ENOS, PAUL, and F. E. ABEGG,* University of Kansas, Lawrence, KS

The lower member of the St. Louis Limestone (Meramecian) contains two anhydrite intervals in the Hugoton embayment of southwestern Kansas. Anhydrite intervals are 20.4-43.6 and 9.8-12.8 m thick and are separated by 8.5-17.7 m of skeletal, oolitic, and peloidal carbonates that were deposited as an influx of marine waters interrupted evaporite deposition.

Anhydrite structures are dominantly mosaic. Carbonate matrix is typically less than 20%. Individual anhydrite beds are up to 8.2 m thick and are interstratified with peloid to ooid grainstone to packstone, lime mudstone, dolomite, algal boundstone, and skeletal packstone to wackestone. Thickness, interbedded subtidal strata, rarity of subaerial exposure features, and sparseness of carbonate matrix suggest subtidal deposition of the anhydrite. Restricted conditions probably resulted from oolite-skeletal shoals in the underlying Salem Limestone.
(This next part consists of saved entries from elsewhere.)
(* Monge-Kantorovich metric associated with the seminorm l defined on dom
   (extended by +oo outside dom, so L(a) <= 1 means dom a /\ l a <= 1) *)
Definition mk (dom : A -> Prop) (l : A -> R) (phi psi : A -> C) : Rbar :=
  supf (fun a => sa a /\ dom a /\ l a <= 1)
       (fun a => Finite (Cmod (Cadd (phi a) (Copp (psi a))))).

Definition weakstar_open (U : (A -> C) -> Prop) : Prop :=
  forall phi, U phi -> exists (l : list A) (eps : R), 0 < eps /\
    forall psi, state psi ->
      (forall a, In a l -> Cmod (Cadd (psi a) (Copp (phi a))) < eps) -> U psi.

Definition metric_open (d : (A -> C) -> (A -> C) -> Rbar) (U : (A -> C) -> Prop) : Prop :=
  forall phi, U phi -> exists eps, 0 < eps /\
    forall psi, state psi -> Rbar_lt (d phi psi) (Finite eps) -> U psi.

Definition metrizes_weakstar (d : (A -> C) -> (A -> C) -> Rbar) : Prop :=
  (forall phi psi, state phi -> state psi -> exists r, d phi psi = Finite r) /\
  (forall U : (A -> C) -> Prop, (forall phi, U phi -> state phi) ->
      (metric_open d U <-> weakstar_open U)).

End CStarDefs.

Arguments sa {A}. Arguments csub {A}. Arguments positive {A}. Arguments ReA {A}.
Arguments ImA {A}. Arguments jordan {A}. Arguments lie {A}. Arguments invertible {A}.
Arguments state {A}. Arguments level1 {A}.

Definition admissibleF (F : R -> R -> R -> R -> R) : Prop :=
  (forall x1 x2 x3 x4, 0 <= x1 -> 0 <= x2 -> 0 <= x3 -> 0 <= x4 ->
     0 <= F x1 x2 x3 x4 /\ x1 * x3 + x2 * x4 <= F x1 x2 x3 x4) /\
  (forall x1 x2 x3 x4 y1 y2 y3 y4,
     0 <= x1 -> 0 <= x2 -> 0 <= x3 -> 0 <= x4 ->
     x1 <= y1 -> x2 <= y2 -> x3 <= y3 -> x4 <= y4 ->
     F x1 x2 x3 x4 <= F y1 y2 y3 y4).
North and east of the preserved anhydrite, the lower St. Louis is marked by breccias with sharp bases and upward gradation into in situ brecciated and fractured carbonates. Calcite pseudomorphs after gypsum, length-slow chalcedony spherulites, and megaquartz with anhydrite inclusions indicate the former presence of evaporites. Brecciation probably resulted from groundwater dissolution during subaerial exposure associated with the sub-Pennsylvanian unconformity. Anhydrite is preserved only in the deeper portions of the Hugoton embayment. Distribution of anhydrite and solution-collapse breccias indicate that St. Louis evaporites were deposited throughout most of the Hugoton embayment of western Kansas, a much wider aerial extent than previously known.

 

AAPG Search and Discovery Article #91012©1992 AAPG Annual Meeting, Calgary, Alberta, Canada, June 22-25, 1992 (2009)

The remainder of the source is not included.